See our latest analysis for Intuitive Surgical

earnings-and-revenue-history
NasdaqGS:ISRG Earnings and Revenue History July 26th 2024

Zooming In On Intuitive Surgical's Earnings

One key financial ratio used to measure how well a company converts its profit to free cash flow (FCF) is the accrual ratio. In plain english, this ratio subtracts FCF from net profit, and divides that number by the company's average operating assets over that period. The ratio shows us how much a company's profit exceeds its FCF.

That means a negative accrual ratio is a good thing, because it shows that the company is bringing in more free cash flow than its profit would suggest. While it's not a problem to have a positive accrual ratio, indicating a certain level of non-cash profits, a high accrual ratio is arguably a bad thing, because it indicates paper profits are not matched by cash flow. Notably, there is some academic evidence that suggests that a high accrual ratio is a bad sign for near-term profits, generally speaking.

Intuitive Surgical has an accrual ratio of 0.21 for the year to June 2024. We can therefore deduce that its free cash flow fell well short of covering its statutory profit. In fact, it had free cash flow of US$420m in the last year, which was a lot less than its statutory profit of US$2.09b. Intuitive Surgical shareholders will no doubt be hoping that its free cash flow bounces back next year, since it was down over the last twelve months.

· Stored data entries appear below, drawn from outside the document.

(* Let $k\ne\ell$ be in $\{1,\dots,r\}$. (a) If $(\bm n;\bm m),(\bm n+\bm e_k;\bm m),(\bm n+\bm e_\ell;\bm m)\in\mathfrak C_{2r}$ are normal, then there is a complex number $\gamma^{k\ell}_{\bm n;\bm m}$ with $\Phi_{\bm n+\bm e_k;\bm m}-\Phi_{\bm n+\bm e_\ell;\bm m}=\gamma^{k\ell}_{\bm n;\bm m}\Phi_{\bm n;\bm m}$. (b) If $(\bm n-\bm e_k-\bm e_\ell;\bm m),(\bm n-\bm e_k;\bm m),(\bm n-\bm e_\ell;\bm m),(\bm n;\bm m)\in\mathfrak C_{2r}$ are normal, then $\bm\Xi_{\bm n-\bm e_k;\bm m}-\bm\Xi_{\bm n-\bm e_\ell;\bm m}=\gamma^{k\ell}_{\bm n-\bm e_k-\bm e_\ell;\bm m}\bm\Xi_{\bm n;\bm m}$, where $\gamma^{k\ell}_{\bm n-\bm e_k-\bm e_\ell;\bm m}$ is the number from (a) for the index $(\bm n-\bm e_k-\bm e_\ell;\bm m)$. (c) If $(\bm n;\bm m),(\bm n;\bm m+\bm e_k),(\bm n;\bm m+\bm e_\ell)\in\mathfrak C_{2r}$ are normal, then there is a complex number $\eta^{k\ell}_{\bm n;\bm m}$ with $\Phi^*_{\bm n;\bm m+\bm e_k}-\Phi^*_{\bm n;\bm m+\bm e_\ell}=\eta^{k\ell}_{\bm n;\bm m}\Phi^*_{\bm n;\bm m}$. (d) If $(\bm n;\bm m-\bm e_k-\bm e_\ell),(\bm n;\bm m-\bm e_k),(\bm n;\bm m-\bm e_\ell),(\bm n;\bm m)\in\mathfrak C_{2r}$ are normal, then $\bm\Xi^*_{\bm n;\bm m-\bm e_k}-\bm\Xi^*_{\bm n;\bm m-\bm e_\ell}=\eta^{k\ell}_{\bm n;\bm m-\bm e_k-\bm e_\ell}\bm\Xi^*_{\bm n;\bm m}$, where $\eta^{k\ell}_{\bm n;\bm m-\bm e_k-\bm e_\ell}$ is the number from (c) for the index $(\bm n;\bm m-\bm e_k-\bm e_\ell)$.
   Context: Fix $r\ge1$; $\bm e_j$ is the $j$-th standard unit vector of $\mathbb Z^r$; for $\bm v\in\mathbb Z^r$, $|\bm v|=v_1+\dots+v_r$ (signed). Let $c_{k,j}\in\mathbb C$ ($k\in\mathbb Z$, $1\le j\le r$) and let $L_j$ be the linear functional on complex Laurent polynomials with $L_j[w^{-k}]=c_{k,j}$. $\mathfrak C_{2r}=\{(\bm n;\bm m)\in\mathbb Z^r\times\mathbb Z^r:n_j+m_j\ge0\ \forall j\}$. For $(\bm n;\bm m)\in\mathfrak C_{2r}$, $\bm n\ne-\bm m$, let $T_{\bm n;\bm m}$ be the square matrix of size $|\bm n|+|\bm m|$ with rows indexed by pairs $(j,k)$, $1\le j\le r$, $-m_j\le k\le n_j-1$ (ordered by $j$, then increasing $k$), columns indexed by $i=-|\bm m|,\dots,|\bm n|-1$, entries $c_{k-i,j}$; $T_{\bm n;-\bm n}:=1$. $(\bm n;\bm m)$ is normal if $\det T_{\bm n;\bm m}\ne0$. For normal $(\bm n;\bm m)$, $\bm n\ne-\bm m$: $\Phi_{\bm n;\bm m}$ is the unique Laurent polynomial in $\operatorname{span}\{z^k\}_{k=-|\bm m|}^{|\bm n|}$ with $z^{|\bm n|}$-coefficient $1$ and $L_j[\Phi_{\bm n;\bm m}(w)w^{-k}]=0$ for $-m_j\le k\le n_j-1$, all $j$; $\Phi^*_{\bm n;\bm m}$ is the unique one in that span with $z^{-|\bm m|}$-coefficient $1$ and $L_j[\Phi^*_{\bm n;\bm m}(w)w^{-k}]=0$ for $-m_j+1\le k\le n_j$, all $j$; $\bm\Xi_{\bm n;\bm m}=(\Xi_{\bm n;\bm m,j})_{j=1}^r$ is the unique vector with $\Xi_{\bm n;\bm m,j}\in\operatorname{span}\{z^k\}_{k=-n_j}^{m_j-1}$, $\sum_jL_j[\Xi_{\bm n;\bm m,j}(w)w^{-k}]=0$ for $-|\bm n|+1\le k\le|\bm m|-1$ and $=1$ for $k=-|\bm n|$; $\bm\Xi^*_{\bm n;\bm m}$ is the unique vector with $\Xi^*_{\bm n;\bm m,j}\in\operatorname{span}\{z^k\}_{k=-n_j+1}^{m_j}$, the same vanishing conditions, and $=1$ for $k=|\bm m|$. For $\bm n=-\bm m$: $\Phi=\Phi^*=1$, $\bm\Xi=\bm\Xi^*=\bm0$. *)

From mathcomp Require Import all_boot all_order all_algebra.
From mathcomp Require Import reals complex.
Set Implicit Arguments. Unset Strict Implicit. Unset Printing Implicit Defensive.
Import Order.TTheory GRing.Theory Num.Theory.
Local Open Scope ring_scope.

Section MOP.
Variables (R : realType) (r : nat).
Local Notation C := (R[i]).

Definition mi := 'I_r -> int.
Definition msum (v : mi) : int := \sum_(j < r) v j.
Definition ev (k : 'I_r) : mi := fun j => (j == k)%:Z.
Definition madd (v w : mi) : mi := fun j => v j + w j.
Definition msub (v w : mi) : mi := fun j => v j - w j.

Definition inC2r (n m : mi) : Prop := forall j, 0 <= n j + m j.

(* Coefficients c_{k,j}; L_j[w^{-k}] = c k j. *)
Definition coefs := int -> 'I_r -> C.

(* Laurent polynomials are represented by their coefficient functions
   p : int -> C (p i = coefficient of z^i); "p in span{z^k}_{k=a}^{b}". *)
Definition in_span (a b : int) (p : int -> C) : Prop :=
  forall i, i < a \/ b < i -> p i = 0.

(* For p supported in the window {a, ..., a + len - 1}:
   L_j[p(w) w^{-k}] = sum_i p_i L_j[w^{-(k-i)}] = sum_i p_i c_{k-i,j}. *)
Definition Lwin (c : coefs) (j : 'I_r) (a : int) (len : nat) (p : int -> C)
    (k : int) : C :=
  \sum_(t < len) p (a + t%:Z) * c (k - (a + t%:Z)) j.

(* Rows of T_{n;m}: pairs (j,k), 1<=j<=r, -m_j <= k <= n_j - 1, ordered by j
   then increasing k; each row is stored as the function i |-> c_{k-i,j}. *)
Definition Trows (c : coefs) (n m : mi) : seq (int -> C) :=
  flatten [seq [seq (fun i => c ((- m j + t%:Z) - i) j)
               | t <- iota 0 (absz (n j + m j))] | j <- enum 'I_r].

Definition Tsize (n m : mi) : nat := absz (msum n + msum m).

(* T_{n;m}: columns indexed by i = -|m|, ..., |n|-1.  For n = -m this is the
   empty 0x0 matrix, whose determinant is 1 (matching T_{n;-n} := 1). *)
Definition Tmat (c : coefs) (n m : mi) : 'M[C]_(Tsize n m) :=
  \matrix_(a, b) nth (fun _ => 0) (Trows c n m) a (- msum m + (b : nat)%:Z).

Definition normal (c : coefs) (n m : mi) : Prop := \det (Tmat c n m) != 0.

Definition is_Phi (c : coefs) (n m : mi) (P : int -> C) : Prop :=
  [/\ in_span (- msum m) (msum n) P, P (msum n) = 1 &
      forall j k, - m j <= k <= n j - 1 ->
        Lwin c j (- msum m) (Tsize n m).+1 P k = 0].

Definition is_Phistar (c : coefs) (n m : mi) (P : int -> C) : Prop :=
  [/\ in_span (- msum m) (msum n) P, P (- msum m) = 1 &
      forall j k, - m j + 1 <= k <= n j ->
        Lwin c j (- msum m) (Tsize n m).+1 P k = 0].

(* sum_j L_j[X_j(w) w^{-k}] for X_j supported in {a_j, ..., a_j + n_j + m_j - 1} *)
Definition Lvec (c : coefs) (n m : mi) (a : 'I_r -> int) (X : 'I_r -> int -> C)
    (k : int) : C :=
  \sum_(j < r) Lwin c j (a j) (absz (n j + m j)) (X j) k.

Definition is_Xi (c : coefs) (n m : mi) (X : 'I_r -> int -> C) : Prop :=
  ((forall j, n j + m j = 0) -> forall j i, X j i = 0) /\
  (~ (forall j, n j + m j = 0) ->
   [/\ forall j, in_span (- n j) (m j - 1) (X j),
       forall k, - msum n + 1 <= k <= msum m - 1 ->
         Lvec c n m (fun j => - n j) X k = 0 &
       Lvec c n m (fun j => - n j) X (- msum n) = 1]).

Definition is_Xistar (c : coefs) (n m : mi) (X : 'I_r -> int -> C) : Prop :=
  ((forall j, n j + m j = 0) -> forall j i, X j i = 0) /\
  (~ (forall j, n j + m j = 0) ->
   [/\ forall j, in_span (- n j + 1) (m j) (X j),
       forall k, - msum n + 1 <= k <= msum m - 1 ->
         Lvec c n m (fun j => - n j + 1) X k = 0 &
       Lvec c n m (fun j => - n j + 1) X (msum m) = 1]).

End MOP.

(* Normality of (n;m) makes T_{n;m} invertible: a Laurent polynomial in
   span{z^k}_{k=-|m|}^{|n|-1} annihilated by the functionals defining Phi_{n;m}
   is zero, and so is a vector annihilated by the functionals defining Xi_{n;m}
   (the transposed system).  In (a), Phi_{n+e_k;m} - Phi_{n+e_l;m} - gamma Phi_{n;m}
   is such a polynomial once gamma kills its z^{|n|} coefficient; (c) is the same
   after division by z.  In (b), pairing Phi with Xi shows that the functional
   just below the normalising one of Xi_{n;m} takes the value -Phi_{n;m}(|n|-1)
   on Xi_{n;m}.  Hence the normalising functional of Xi_{n;m} takes the value
   gamma on Xi_{n-e_k;m} - Xi_{n-e_l;m}, and this difference minus gamma Xi_{n;m}
   is annihilated by all the functionals defining Xi_{n;m}.  (d) is the mirror
   image of (b). *)

From mathcomp Require Import all_boot all_order all_algebra.
From mathcomp Require Import reals complex zify ring.
Import Order.TTheory GRing.Theory Num.Theory.
Local Open Scope ring_scope.
Set Implicit Arguments. Unset Strict Implicit. Unset Printing Implicit Defensive.

Section Windows.
Variable R : realType.
Local Notation C := (R[i]).

Definition zwin (a : int) (len : nat) : seq int := [seq a + t%:Z | t <- iota 0 len].

Lemma mem_zwin a len i : (i \in zwin a len) = (a <= i) && (i < a + len%:Z).
Proof.
apply/mapP/idP => [[t] | /andP[ai ilen]].
  by rewrite mem_iota => /andP[_ ht] ->; apply/andP; split; lia.
by exists (absz (i - a)); [rewrite mem_iota; apply/andP; split | ]; lia.
Qed.

Lemma uniq_zwin a len : uniq (zwin a len).
Proof. by rewrite map_inj_uniq ?iota_uniq // => x y /addrI []. Qed.

Lemma big_support_eq (f : int -> C) (s1 s2 : seq int) : uniq s1 -> uniq s2 ->
    (forall i, f i != 0 -> i \in s1) -> (forall i, f i != 0 -> i \in s2) ->
  \sum_(i <- s1) f i = \sum_(i <- s2) f i.
Proof.
move=> u1 u2 s1f s2f; apply/perm_big_supp/uniq_perm; rewrite ?filter_uniq // => i.
by rewrite !mem_filter; case: eqP => //= /eqP fi; rewrite s1f ?s2f.
Qed.

Lemma in_span_bounds (a b : int) (p : int -> C) i :
  in_span a b p -> p i != 0 -> a <= i <= b.
Proof.
move=> sp; apply: contraNT; rewrite negb_and -!ltNge => /orP ib.
by apply/eqP/sp; case: ib; [left | right].
Qed.

Lemma in_span_eq0 (a b : int) (p : int -> C) :
  in_span a b p -> (forall i, a <= i <= b -> p i = 0) -> forall i, p i = 0.
Proof. by move=> sp p0 i; case: (eqVneq (p i) 0) => // /(in_span_bounds sp); apply: p0. Qed.

Lemma in_span_widen (a b a' b' : int) (p : int -> C) :
  a' <= a -> b <= b' -> in_span a b p -> in_span a' b' p.
Proof. by move=> aa bb sp i ib; apply: sp; case: ib => ?; [left | right]; lia. Qed.

Lemma in_span_lincomb (a b : int) (p q u : int -> C) g :
    in_span a b p -> in_span a b q -> in_span a b u ->
  in_span a b (fun i => p i - q i - g * u i).
Proof. by move=> sp sq su i ib; rewrite sp // sq // su // mulr0 !subr0. Qed.

Lemma in_span_shift (a b : int) (p : int -> C) :
  in_span a b p -> in_span (a - 1) (b - 1) (fun i => p (i + 1)).
Proof. by move=> sp i ib; apply: sp; case: ib => ?; [left | right]; lia. Qed.

Variables (r : nat) (c : coefs R r).

Lemma LwinE j a len (p : int -> C) k :
  Lwin c j a len p k = \sum_(i <- zwin a len) p i * c (k - i) j.
Proof.
rewrite /Lwin /zwin big_map.
by rewrite -(big_mkord xpredT (fun t => p (a + t%:Z) * c (k - (a + t%:Z)) j))
  /index_iota subn0.
Qed.

Lemma Lwin_window j a len a' len' (p : int -> C) k lo hi :
    in_span lo hi p -> a <= lo -> hi < a + len%:Z -> a' <= lo -> hi < a' + len'%:Z ->
  Lwin c j a len p k = Lwin c j a' len' p k.
Proof.
move=> sp *; rewrite !LwinE; apply: big_support_eq; rewrite ?uniq_zwin // => i;
  by rewrite mulf_eq0 negb_or => /andP[/(in_span_bounds sp) ? _]; rewrite mem_zwin; lia.
Qed.
(* Let $G$ be a finite group of nilpotence class $n\leq 2$, and let $S$ be a commutative semiring without non-zero zero-divisors and without zero sums. Then the group semiring $SG$ is centrally essential.
   Context: A semiring is a set $S$ with two binary operations $+$ and $\cdot$ such that $(S,+)$ is a commutative monoid with neutral element $0$, $(S,\cdot)$ is a monoid with identity $1$, multiplication distributes over addition on both sides, and $0s=s0=0$ for all $s\in S$. $S$ has no zero sums if $a+b=0$ implies $a=b=0$. The group semiring $SG$ consists of formal sums $\sum_{g\in G} s_g g$ with $s_g\in S$, with componentwise addition and multiplication $(\sum s_g g)(\sum t_h h)=\sum_{k}\big(\sum_{gh=k} s_g t_h\big)k$. The center of a semiring $R$ is $C(R)=\{r: rr'=r'r\ \forall r'\in R\}$; $R$ is centrally essential if for every non-zero $x\in R$ there exist non-zero $y,z\in C(R)$ with $xy=z$. The upper central series of $G$ is $\{e\}=C_0(G)\subseteq C_1(G)\subseteq\cdots$ where $C_i(G)/C_{i-1}(G)$ is the center of $G/C_{i-1}(G)$; the nilpotence class of $G$ is the least positive integer $n$ with $C_n(G)=G$. *)

From HB Require Import structures.
From mathcomp Require Import all_boot all_algebra all_fingroup all_solvable.
Set Implicit Arguments. Unset Strict Implicit. Unset Printing Implicit Defensive.
Import GRing.Theory.
Local Open Scope ring_scope.

(* The group semiring S G, for a finite group G given as the whole of the
   finGroupType gT: elements are formal sums \sum_g s_g g, i.e. finite
   functions gT -> S; addition is componentwise. *)
Definition gsr (S : pzSemiRingType) (gT : finGroupType) := {ffun gT -> S}.

Definition gsr_zero (S : pzSemiRingType) (gT : finGroupType) : gsr S gT :=
  [ffun _ => 0].

Definition gsr_mul (S : pzSemiRingType) (gT : finGroupType)
  (x y : gsr S gT) : gsr S gT :=
  [ffun k => \sum_(g : gT) \sum_(h : gT | (g * h)%g == k) x g * y h].

Definition gsr_central (S : pzSemiRingType) (gT : finGroupType)
  (r : gsr S gT) : Prop :=
  forall r' : gsr S gT, gsr_mul r r' = gsr_mul r' r.

Definition gsr_centrally_essential (S : pzSemiRingType) (gT : finGroupType)
  : Prop :=
  forall x : gsr S gT, x <> gsr_zero S gT ->
    exists y z : gsr S gT,
      [/\ y <> gsr_zero S gT, z <> gsr_zero S gT,
          gsr_central y, gsr_central z & gsr_mul x y = z].

Definition no_zero_divisors (S : pzSemiRingType) : Prop :=
  forall a b : S, a * b = 0 -> a = 0 \/ b = 0.

Definition no_zero_sums (S : pzSemiRingType) : Prop :=
  forall a b : S, a + b = 0 -> a = 0 /\ b = 0.

(* The element [\sum_g g] of [S G] is central for every finite group [G], and
   [x * \sum_g g = eps(x) \sum_g g] where [eps(x) = \sum_g s_g] is the
   augmentation of [x = \sum_g s_g g]. Without zero sums, [eps(x) <> 0] as soon
   as [x <> 0], so [y = \sum_g g] and [z = eps(x) \sum_g g] witness central
   essentiality. *)
From mathcomp Require Import all_boot all_algebra all_fingroup all_solvable.
Set Implicit Arguments. Unset Strict Implicit. Unset Printing Implicit Defensive.
Import GRing.Theory.
Local Open Scope ring_scope.

Lemma no_zero_sums_sum_eq0 (S : pzSemiRingType) (I : finType) (F : I -> S) :
  no_zero_sums S -> \sum_i F i = 0 -> forall i, F i = 0.
Proof. by move=> nzs + i; rewrite (bigD1 i) //= => /nzs[]. Qed.

Section ConstantElements.
Variables (gT : finGroupType) (S : comPzSemiRingType).

Definition gsr_const (c : S) : gsr S gT := [ffun _ => c].

Definition gsr_aug (x : gsr S gT) : S := \sum_g x g.

Lemma gsr_const_eq0 (c : S) : gsr_const c = gsr_zero S gT <-> c = 0.
Proof.
split=> [/ffunP /(_ 1%g)|->]; first by rewrite !ffunE.
by apply/ffunP => g; rewrite !ffunE.
Qed.

Lemma gsr_aug_eq0 (x : gsr S gT) :
  no_zero_sums S -> gsr_aug x = 0 -> x = gsr_zero S gT.
Proof.
move=> nzs /(no_zero_sums_sum_eq0 nzs) x0.
by apply/ffunP => g; rewrite ffunE x0.
Qed.

Lemma gsr_mul_constl (c : S) (x : gsr S gT) :
  gsr_mul (gsr_const c) x = gsr_const (c * gsr_aug x).
Proof.
apply/ffunP => k; rewrite !ffunE mulr_sumr.
under eq_bigr => g _ do rewrite big_mkcond /=.
rewrite exchange_big /=; apply: eq_bigr => h _.
rewrite -big_mkcond /= (big_pred1 (k * h^-1)%g) ?ffunE // => g /=.
by apply/eqP/eqP => [<-|->]; [rewrite mulgK | rewrite mulgKV].
Qed.

Lemma gsr_mul_constr (c : S) (x : gsr S gT) :
  gsr_mul x (gsr_const c) = gsr_const (gsr_aug x * c).
Proof.
apply/ffunP => k; rewrite !ffunE mulr_suml; apply: eq_bigr => g _.
rewrite (big_pred1 (g^-1 * k)%g) ?ffunE // => h /=.
by apply/eqP/eqP => [<-|->]; [rewrite mulKg | rewrite mulKVg].
Qed.

Lemma gsr_const_central (c : S) : gsr_central (gsr_const c).
Proof. by move=> x; rewrite gsr_mul_constl gsr_mul_constr mulrC. Qed.

End ConstantElements.

Theorem proposition3p1 (gT : finGroupType) (S : comPzSemiRingType) :
  nilpotent [set: gT] -> (nil_class [set: gT] <= 2)%N ->
  no_zero_divisors S -> no_zero_sums S ->
  gsr_centrally_essential S gT.
Proof.
move=> _ _ _ nzs x x_neq0.
have aug_neq0 : gsr_aug x <> 0 by move/(gsr_aug_eq0 nzs).
exists (gsr_const gT 1), (gsr_const gT (gsr_aug x)); split.
- by move/gsr_const_eq0 => one0; apply: aug_neq0; rewrite -[LHS]mulr1 one0 mulr0.
- by move/gsr_const_eq0.
- exact: gsr_const_central.
- exact: gsr_const_central.
- by rewrite gsr_mul_constr mulr1.
Qed.
Lemma symmetric_unimodal_pos (x l : R) : (forall y, 0 <= g y) ->
  0 <= l -> 0 < g (x + l) * g (x - l) -> 0 < g x.
Proof.
  intros g_nonneg Hl Hprod.
  pose proof (g_nonneg (x + l)); pose proof (g_nonneg (x - l)).
  destruct (Rle_or_lt 0 x).
  - assert (g (x + l) <= g x) by (apply symmetric_unimodal_Rabs; split_Rabs; lra).
    nra.
  - assert (g (x - l) <= g x) by (apply symmetric_unimodal_Rabs; split_Rabs; lra).
    nra.
Qed.

Variable F : R -> R.
Hypothesis F_deriv : forall x, is_derive F x (g x).

Lemma upper_increment_le_lower (t l : R) : 0 <= t -> 0 <= l ->
  F (t + l) - F t <= F t - F (t - l).
Proof.
  intros Ht Hl.
  enough (Hsum : F (t + l) + F (t - l) <= F (t + 0) + F (t - 0))
    by (rewrite Rplus_0_r, Rminus_0_r in Hsum; lra).
  apply (is_derive_nonpos_le (fun x => F (t + x) + F (t - x))
           (fun x => g (t + x) - g (t - x)) 0 l Hl).
  - intros x _; apply is_derive_reflected_sum, F_deriv.
  - intros x Hx.
    assert (g (t + x) <= g (t - x)) by (apply symmetric_unimodal_Rabs; split_Rabs; lra).
    lra.
Qed.

Lemma lower_increment_le_upper (t l : R) : t <= 0 -> 0 <= l ->
  F t - F (t - l) <= F (t + l) - F t.
Proof.
  intros Ht Hl.
  enough (Hsum : F (t + 0) + F (t - 0) <= F (t + l) + F (t - l))
    by (rewrite Rplus_0_r, Rminus_0_r in Hsum; lra).
  apply (is_derive_nonneg_le (fun x => F (t + x) + F (t - x))
           (fun x => g (t + x) - g (t - x)) 0 l Hl).
  - intros x _; apply is_derive_reflected_sum, F_deriv.
  - intros x Hx.
    assert (g (t - x) <= g (t + x)) by (apply symmetric_unimodal_Rabs; split_Rabs; lra).
    lra.
Qed.

End SymmetricUnimodal.

Definition upper_mass (F : R -> R) (beta t : R) : R := F (t + lambda_beta F beta t) - F t.

Section LocalDependence.

Variables (F g : R -> R) (beta : R).
Hypothesis F_deriv : forall x, is_derive F x (g x).
Hypothesis g_pos : forall x, 0 < g x.
Hypothesis g_sym : forall s, g (- s) = g s.
Hypothesis g_unimodal : forall s u, 0 <= s -> s <= u -> g u <= g s.
Hypothesis beta_pos : 0 < beta.
Hypothesis lambda_level : forall t, 0 < lambda_beta F beta t /\
  F (t + lambda_beta F beta t) - F (t - lambda_beta F beta t) = beta.
Hypothesis g_ge_harmonic_mean : forall t,
  harmonic_mean (g (t + lambda_beta F beta t)) (g (t - lambda_beta F beta t)) <= g t.
Lemma hsum_ConBIE (th : rel_of (hsum A)) :
  isConBI th <->
  (forall u v, th u v <-> nabla u v) \/
  exists al : forall i, rel_of (A i),
    (forall i, isConBI01 (al i)) /\ (forall u v, th u v <-> hsum_rel al u v).
Proof.
split=> [Hth | [E | [al [Hal E]]]].
- have [h01 | n01] := classic (th H0 H1).
    by left=> u v; split=> // _; apply: hcon_nabla.
  right; exists (hrestr th); split=> [|u v]; first exact: hrestr_Con01.
  by rewrite hsum_relE; [apply: hcon_hlift | apply: hrestr_Con01].
- by apply: isConBI_ext (nabla_ConBI _) => u v; split=> /E.
- apply: isConBI_ext (hlift_ConBI Hal) => u v.
  by rewrite E hsum_relE.
Qed.

Definition hcon_split (th : ConBI (hsum A)) : option (forall i, ConBI01 (A i)) :=
  match excluded_middle_informative (sval th H0 H1) with
  | left _ => None
  | right n01 =>
    Some (fun i => exist _ (hrestr (sval th) i) (hrestr_Con01 (svalP th) n01 i))
  end.

Definition hcon_glue (o : option (forall i, ConBI01 (A i))) : ConBI (hsum A) :=
  if o is Some al then
    exist _ (hlift (fun i => sval (al i))) (hlift_ConBI (fun i => svalP (al i)))
  else exist _ (@nabla (hsum A)) (nabla_ConBI _).

Lemma hcon_splitK : cancel hcon_split hcon_glue.
Proof.
case=> th Hth; rewrite /hcon_split /=.
case: excluded_middle_informative => [h01|n01]; apply: rel_sig_ext => u v /=.
  by split=> // _; apply: hcon_nabla.
by split=> /(hcon_hlift Hth n01).
Qed.

Lemma hcon_glueK : cancel hcon_glue hcon_split.
Proof.
case=> [al|]; rewrite /hcon_split /=; case: excluded_middle_informative => // h01.
- by case: (hlift_not01 (fun i => svalP (al i)) h01).
- congr Some; apply: functional_extensionality_dep => i.
  by apply: rel_sig_ext => x y /=; apply: hrestr_hlift (fun i => svalP (al i)) _ _ _.
- by case: h01.
Qed.

Lemma ConBI_hsum_iso : order_iso (@ConBI_le (hsum A))
  (addtop_le (prod_le (fun i => @ConBI01_le (A i)))).
Proof.
exists hcon_split; split; first exact: Bijective hcon_splitK hcon_glueK.
move=> [th Hth] [ph Hph]; rewrite /hcon_split /ConBI_le /rel_incl /=.
case: excluded_middle_informative => [h01|n01];
case: excluded_middle_informative => [h01'|n01'] //=.
- by split=> // _ u v _; apply: hcon_nabla.
- by split=> // /(_ _ _ h01).
- by split=> // _ u v _; apply: hcon_nabla.
split=> [sub i x y | sub u v huv]; first exact: sub.
have [i [x [y [Eu Ev]]]] := hcon_same_summand Hth n01 huv; subst u v.
exact: (sub i x y huv).
Qed.
End HorizontalSum.

Section OrderIso.
Variables (P Q R : Type) (lP : P -> P -> Prop) (lQ : Q -> Q -> Prop) (lR : R -> R -> Prop).

Lemma order_iso_trans : order_iso lP lQ -> order_iso lQ lR -> order_iso lP lR.
Proof.
move=> [f [bf Hf]] [g [bg Hg]]; exists (g \o f); split; first exact: bij_comp.
by move=> x y; rewrite Hf Hg.
Qed.

Lemma order_iso_addtop : order_iso lP lQ -> order_iso (addtop_le lP) (addtop_le lQ).
Proof.
case=> f [[g fK gK] mono]; exists (omap f); split.
  by exists (omap g); case=> [x|] //=; rewrite ?fK ?gK.
by case=> [x|] [y|] //=.
Qed.
End OrderIso.

Lemma order_iso_prod (J : Type) (P Q : J -> Type)
    (lP : forall j, P j -> P j -> Prop) (lQ : forall j, Q j -> Q j -> Prop) :
  (forall j, order_iso (lP j) (lQ j)) -> order_iso (prod_le lP) (prod_le lQ).
Proof.
move=> iso.
have fg_ex j : exists fg : (P j -> Q j) * (Q j -> P j),
    [/\ cancel fg.1 fg.2, cancel fg.2 fg.1 & forall x y, lP j x y <-> lQ j (fg.1 x) (fg.1 y)].
  by have [f [[g fK gK] mono]] := iso j; exists (f, g).
pose fg j := proj1_sig (constructive_indefinite_description _ (fg_ex j)).
have fgP j : [/\ cancel (fg j).1 (fg j).2, cancel (fg j).2 (fg j).1
    & forall x y, lP j x y <-> lQ j ((fg j).1 x) ((fg j).1 y)].
  exact: proj2_sig (constructive_indefinite_description _ (fg_ex j)).
exists (fun p j => (fg j).1 (p j)); split.
  exists (fun q j => (fg j).2 (q j)) => p; apply: functional_extensionality_dep => j;
  by case: (fgP j) => fK gK _; rewrite ?fK ?gK.
by move=> p q; split=> le j; have [_ _ mono] := fgP j; apply/mono; apply: le.
Qed.

Section OrdinalSum.
Variable M : biops.

Lemma osum_bilattice : is_bilattice M -> is_bilattice (osum M).
Proof.
move=> HM; have [mC [jC [mA [jA [mK [jK [_ [iK iL]]]]]]]] := HM.
split; first by case=> [|x|] [|y|] //=; rewrite mC.
split; first by case=> [|x|] [|y|] //=; rewrite jC.
split; first by case=> [|x|] [|y|] [|z|] //=; rewrite mA.
split; first by case=> [|x|] [|y|] [|z|] //=; rewrite jA.
split; first by case=> [|x|] [|y|] //=; rewrite ?mK ?(bmeetxx HM).
split; first by case=> [|x|] [|y|] //=; rewrite ?jK ?(bjoinxx HM).
split; first by case=> [|x|].
split; first by case=> [|x|] //=; rewrite iK.
by case=> [|x|] [|y|] //; rewrite /ble /= => -[E]; congr OMid; apply: iL.
Qed.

That might leave you wondering what analysts are forecasting in terms of future profitability. Luckily, you can click here to see an interactive graph depicting future profitability, based on their estimates.

Our Take On Intuitive Surgical's Profit Performance

Intuitive Surgical didn't convert much of its profit to free cash flow in the last year, which some investors may consider rather suboptimal. Because of this, we think that it may be that Intuitive Surgical's statutory profits are better than its underlying earnings power. Nonetheless, it's still worth noting that its earnings per share have grown at 29% over the last three years. Of course, we've only just scratched the surface when it comes to analysing its earnings; one could also consider margins, forecast growth, and return on investment, among other factors. If you want to do dive deeper into Intuitive Surgical, you'd also look into what risks it is currently facing. Case in point: We've spotted 1 warning sign for Intuitive Surgical you should be aware of.

Today we've zoomed in on a single data point to better understand the nature of Intuitive Surgical's profit. But there are plenty of other ways to inform your opinion of a company. Some people consider a high return on equity to be a good sign of a quality business. So you may wish to see this free collection of companies boasting high return on equity, or this list of stocks with high insider ownership.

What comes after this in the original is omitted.